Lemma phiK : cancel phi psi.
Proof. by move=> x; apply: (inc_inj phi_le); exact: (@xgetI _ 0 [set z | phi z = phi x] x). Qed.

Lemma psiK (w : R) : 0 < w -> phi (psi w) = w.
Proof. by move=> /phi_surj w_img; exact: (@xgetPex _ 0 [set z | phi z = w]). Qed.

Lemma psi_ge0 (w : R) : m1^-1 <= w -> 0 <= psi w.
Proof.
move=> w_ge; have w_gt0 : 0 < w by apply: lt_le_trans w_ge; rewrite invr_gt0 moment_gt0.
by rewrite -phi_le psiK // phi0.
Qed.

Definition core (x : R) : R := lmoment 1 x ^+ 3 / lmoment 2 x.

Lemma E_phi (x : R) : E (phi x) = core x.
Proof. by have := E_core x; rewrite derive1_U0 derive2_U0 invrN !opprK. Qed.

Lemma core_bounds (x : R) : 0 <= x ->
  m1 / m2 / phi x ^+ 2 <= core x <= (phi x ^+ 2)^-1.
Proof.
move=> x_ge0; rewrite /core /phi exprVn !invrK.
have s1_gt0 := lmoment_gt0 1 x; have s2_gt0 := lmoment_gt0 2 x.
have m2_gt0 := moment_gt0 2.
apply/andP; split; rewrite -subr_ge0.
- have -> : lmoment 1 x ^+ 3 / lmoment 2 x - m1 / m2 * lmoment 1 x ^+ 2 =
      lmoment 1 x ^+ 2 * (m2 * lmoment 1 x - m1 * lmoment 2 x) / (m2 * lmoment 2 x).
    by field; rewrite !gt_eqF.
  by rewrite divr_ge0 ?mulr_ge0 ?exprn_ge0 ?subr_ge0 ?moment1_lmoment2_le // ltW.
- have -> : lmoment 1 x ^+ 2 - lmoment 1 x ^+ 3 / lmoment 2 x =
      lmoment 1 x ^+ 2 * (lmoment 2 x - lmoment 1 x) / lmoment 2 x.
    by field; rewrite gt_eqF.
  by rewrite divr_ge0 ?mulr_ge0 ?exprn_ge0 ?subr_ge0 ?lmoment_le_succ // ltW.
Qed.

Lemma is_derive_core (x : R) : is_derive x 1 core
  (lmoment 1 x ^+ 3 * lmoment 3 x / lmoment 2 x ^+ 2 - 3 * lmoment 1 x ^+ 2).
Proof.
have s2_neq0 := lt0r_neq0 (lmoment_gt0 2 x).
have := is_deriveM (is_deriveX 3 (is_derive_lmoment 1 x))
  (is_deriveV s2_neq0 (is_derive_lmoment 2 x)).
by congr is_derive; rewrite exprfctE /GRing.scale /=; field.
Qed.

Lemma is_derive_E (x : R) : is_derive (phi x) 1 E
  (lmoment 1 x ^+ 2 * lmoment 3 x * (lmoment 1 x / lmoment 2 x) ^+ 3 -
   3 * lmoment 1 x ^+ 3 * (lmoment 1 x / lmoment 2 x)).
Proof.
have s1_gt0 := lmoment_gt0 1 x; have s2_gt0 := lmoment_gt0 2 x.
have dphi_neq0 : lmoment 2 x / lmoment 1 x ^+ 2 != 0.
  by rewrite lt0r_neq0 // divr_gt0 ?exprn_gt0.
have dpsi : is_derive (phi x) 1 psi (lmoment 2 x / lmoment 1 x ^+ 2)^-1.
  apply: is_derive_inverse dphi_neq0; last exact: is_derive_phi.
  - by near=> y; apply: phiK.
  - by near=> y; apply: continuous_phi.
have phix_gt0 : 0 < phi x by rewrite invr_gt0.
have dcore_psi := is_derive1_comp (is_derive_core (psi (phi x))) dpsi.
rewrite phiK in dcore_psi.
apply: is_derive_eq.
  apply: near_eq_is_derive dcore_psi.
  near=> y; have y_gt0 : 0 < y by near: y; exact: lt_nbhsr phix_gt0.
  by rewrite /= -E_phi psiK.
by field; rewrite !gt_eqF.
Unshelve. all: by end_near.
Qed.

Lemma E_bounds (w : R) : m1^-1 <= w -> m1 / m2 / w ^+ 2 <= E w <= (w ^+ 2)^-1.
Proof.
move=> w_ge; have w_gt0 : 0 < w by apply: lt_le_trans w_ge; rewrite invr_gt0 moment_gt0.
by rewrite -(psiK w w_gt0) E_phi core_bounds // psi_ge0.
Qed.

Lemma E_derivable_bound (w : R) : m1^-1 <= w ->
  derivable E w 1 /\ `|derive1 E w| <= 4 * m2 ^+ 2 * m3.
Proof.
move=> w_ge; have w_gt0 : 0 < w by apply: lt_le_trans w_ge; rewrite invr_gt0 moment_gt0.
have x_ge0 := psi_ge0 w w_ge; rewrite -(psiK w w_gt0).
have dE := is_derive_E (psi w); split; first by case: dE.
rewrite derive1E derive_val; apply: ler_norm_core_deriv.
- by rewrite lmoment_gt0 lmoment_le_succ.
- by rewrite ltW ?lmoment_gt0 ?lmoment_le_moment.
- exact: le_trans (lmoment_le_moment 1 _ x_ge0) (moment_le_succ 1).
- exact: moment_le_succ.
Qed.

> _EXERCISE DESCRIPTION_:
Since only part of the listing is wanted, copy exactly the lines from the one holding "m1 / m2 / phi" to the one holding "Lemma is_derive_core (x", both included.

> _YOUR SOLUTION_:
  m1 / m2 / phi x ^+ 2 <= core x <= (phi x ^+ 2)^-1.
Proof.
move=> x_ge0; rewrite /core /phi exprVn !invrK.
have s1_gt0 := lmoment_gt0 1 x; have s2_gt0 := lmoment_gt0 2 x.
have m2_gt0 := moment_gt0 2.
apply/andP; split; rewrite -subr_ge0.
- have -> : lmoment 1 x ^+ 3 / lmoment 2 x - m1 / m2 * lmoment 1 x ^+ 2 =
      lmoment 1 x ^+ 2 * (m2 * lmoment 1 x - m1 * lmoment 2 x) / (m2 * lmoment 2 x).
    by field; rewrite !gt_eqF.
  by rewrite divr_ge0 ?mulr_ge0 ?exprn_ge0 ?subr_ge0 ?moment1_lmoment2_le // ltW.
- have -> : lmoment 1 x ^+ 2 - lmoment 1 x ^+ 3 / lmoment 2 x =
      lmoment 1 x ^+ 2 * (lmoment 2 x - lmoment 1 x) / lmoment 2 x.
    by field; rewrite gt_eqF.
  by rewrite divr_ge0 ?mulr_ge0 ?exprn_ge0 ?subr_ge0 ?lmoment_le_succ // ltW.
Qed.

Lemma is_derive_core (x : R) : is_derive x 1 core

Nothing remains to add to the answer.